I think you lost this, Bill had said, without ever actually saying it. Here, better put it back in your pocket.
Now Bill was dead and here was this man, so like Bill in many ways: his intelligence, his occasional flashes of good humor, and most of all, his doggedness. She was sure Bill would have liked him, because Detective Ralph Anderson also believed in chasing the case.
But there were differences, too, and not just that he was thirty years younger than Bill had been when he died. That Ralph had made a terrible mistake in arresting Terry Maitland in public, before he understood the true dimensions of the case, was only one of those differences, and probably not the most important, no matter how it haunted him.

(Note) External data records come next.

(* Let $q\ge 3$ be a prime power and $1\le d\le e$. For all $0\le i\le d-1$ and $1\le j\le d$, $$|B_j(i)|>|B_j(i+1)|.$$
   Context: For integers $m\ge 0$ and $l$, ${m\brack l}=\prod_{t=1}^{l}\frac{q^{m-t+1}-1}{q^t-1}$ for $l\ge0$ and $0$ for $l<0$. For $0\le i,j\le d$, $$B_j(i)=\sum_{h=0}^{\min\{j,d-i\}}(-1)^{j-h}q^{eh+\binom{j-h}{2}}{d-h\brack d-j}{d-i\brack h};$$ these are the eigenvalues of the bilinear forms graph $H_q(d,e,j)$ (vertices: $d\times e$ matrices over $\mathbb F_q$, adjacent iff their difference has rank $j$). *)

From mathcomp Require Import all_boot all_order all_algebra.
Set Implicit Arguments. Unset Strict Implicit. Unset Printing Implicit Defensive.
Import Order.TTheory GRing.Theory Num.Theory.
Local Open Scope ring_scope.

(* The exponent m-t+1 is written
   m.+1 - t (equal to m-t+1 whenever t <= m+1; when t > m+1 the product
   already contains the zero factor at t = m+1, so the value is unaffected). *)
Definition gbin (q m l : nat) : rat :=
  \prod_(1 <= t < l.+1) (((q ^ (m.+1 - t))%:R - 1) / ((q ^ t)%:R - 1)).

(* B_j(i) for the bilinear forms graph H_q(d,e,j). *)
Definition B (q d e j i : nat) : rat :=
  \sum_(0 <= h < (minn j (d - i)).+1)
    (-1) ^+ (j - h) * (q ^ (e * h + 'C(j - h, 2)))%:R
      * gbin q (d - h) (d - j) * gbin q (d - i) h.

Definition prime_power (q : nat) : Prop :=
  exists p k : nat, prime p /\ (0 < k)%N /\ q = (p ^ k)%N.

From mathcomp Require Import all_boot all_order all_algebra.
From mathcomp Require Import ring lra zify.
Set Implicit Arguments. Unset Strict Implicit. Unset Printing Implicit Defensive.
Import Order.TTheory GRing.Theory Num.Theory.
Local Open Scope ring_scope.

(* Write B_j(i) = (-1)^(j-n) * (T(n) - T(n-1) + T(n-2) - ...), n = min(j, d-i),
   where T_i(h) = q^(eh + C(j-h,2)) [d-h, d-j] [d-i, h] >= 0 is the h-th summand
   without its sign.  The proof has three ingredients.
   1. An alternating sum of a nonnegative nondecreasing sequence T lies in
      [T(n) - T(n-1), T(n)]; hence T_i(h) <= T_i(h+1) gives
      T_i(n) - T_i(n-1) <= |B_j(i)| <= T_i(n).
   2. The Gaussian binomials obey two one-step identities (lower and upper
      index), which give exact ratios T_i(h+1) : T_i(h) and T_{i+1}(h) : T_i(h).
   3. With these ratios, monotonicity in h and the "gap" inequality
      T_{i+1}(n') < T_i(n) - T_i(n-1), n' = min(j, d-i-1), reduce to explicit
      inequalities between powers of Q = q >= 3 (using e >= d); the gap is
      proved separately for j < d-i (then n = n' = j) and j >= d-i (then
      n = d-i, n' = d-i-1).
   Chaining |B_j(i+1)| <= T_{i+1}(n') < T_i(n) - T_i(n-1) <= |B_j(i)| proves the
   theorem. *)

Section AlternatingSums.
Variables (R : realDomainType) (T : nat -> R).

Definition alt_sum (n : nat) : R := \sum_(0 <= h < n.+1) (-1) ^+ (n - h) * T h.

Lemma alt_sumS n : alt_sum n.+1 = T n.+1 - alt_sum n.
Proof.
rewrite /alt_sum big_nat_recr //= subnn expr0 mul1r addrC -sumrN.
congr (_ + _); apply: eq_big_nat => h /andP[_ h_le_n].
by rewrite subSn // exprS mulN1r mulNr.
Qed.

Lemma alt_sum_bounds n : (forall h, (h <= n)%N -> 0 <= T h) ->
  (forall h, (h < n)%N -> T h <= T h.+1) -> 0 <= alt_sum n <= T n.
Proof.
elim: n => [|n IHn] T_ge0 T_mono.
  by rewrite /alt_sum big_nat1 expr0 mul1r lexx T_ge0.
have /andP[S_ge0 S_le] :=
  IHn (fun h hn => T_ge0 h (leqW hn)) (fun h hn => T_mono h (ltnW hn)).
by rewrite alt_sumS subr_ge0 (le_trans S_le (T_mono n _)) //= lerBlDr lerDl.
Qed.

Lemma alt_sum_ge_gap n : (0 < n)%N -> (forall h, (h <= n)%N -> 0 <= T h) ->
  (forall h, (h < n)%N -> T h <= T h.+1) -> T n - T n.-1 <= alt_sum n.
Proof.
case: n => // n _ T_ge0 T_mono.
have /andP[_ S_le] :=
  alt_sum_bounds (fun h hn => T_ge0 h (leqW hn)) (fun h hn => T_mono h (ltnW hn)).
by rewrite alt_sumS lerB.
Qed.

End AlternatingSums.

Lemma pow_pred_lb {R : realDomainType} {Q : R} n :
  1 <= Q -> Q ^+ n * (Q - 1) <= Q ^+ n.+1 - 1.
Proof. move=> Q_ge1; have := exprn_ege1 n Q_ge1; rewrite exprS; nra. Qed.

Lemma prod_pred_ub {R : realDomainType} {Q : R} m n :
  1 <= Q -> (Q ^+ m - 1) * (Q ^+ n - 1) < Q ^+ (m + n).
Proof.
move=> Q_ge1; have := exprn_ege1 m Q_ge1; have := exprn_ege1 n Q_ge1.
rewrite exprD; nra.
Qed.

(* For Q >= 3 one has Q <= (Q - 1)^2, whence this lower bound. *)
Lemma prod_pred_lb {R : realDomainType} {Q : R} a b :
  3 <= Q -> Q ^+ a.+1 <= (Q ^+ a.+1 - 1) * (Q ^+ b.+1 - 1).
Proof.
move=> Q_ge3; have Q_ge1 : 1 <= Q by lra.
have Qa := exprn_ege1 a Q_ge1; have la := pow_pred_lb a Q_ge1.
have lb : Q - 1 <= Q ^+ b.+1 - 1.
  by rewrite lerB // -[leLHS]expr1 ler_weXn2l.
have sq : Q ^+ a * Q <= Q ^+ a * (Q - 1) * (Q - 1).
  by rewrite -mulrA ler_pM2l ?(lt_le_trans ltr01 Qa) //; nra.
rewrite exprSr (le_trans sq) // ler_pM //; nra.
Qed.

God, help me tell him what I need to tell him, because this is the only chance I’ll have. And let him hear me. Please God, let him hear me.
She said, “Every time you and the others talk about the outsider, it’s conditional.”
“I’m not sure I understand you, Holly.”
“I think you do. ‘If he exists. Supposing he exists. Assuming he exists.’ ”
Ralph was silent.
“I don’t care about the others, but I need you to believe, Ralph. I need you to believe. I do, but I’m not enough.”
“Holly—”
“No,” she said fiercely. “No. Listen to me. I know it’s crazy. But is the idea of El Cuco any more inexplicable than some of the terrible things that happen in the world? Not natural disasters or accidents, I’m talking about the things some people do to others. Wasn’t Ted Bundy just a version of El Cuco, a shape-shifter with one face for the people he knew and another for the women he killed? The last thing those women saw was his other face, his inside face, the face of El Cuco. There are others. They walk among us. You know they do. They’re aliens. Monsters beyond our understanding. Yet you believe in them. You’ve put some of them away, maybe seen them executed.”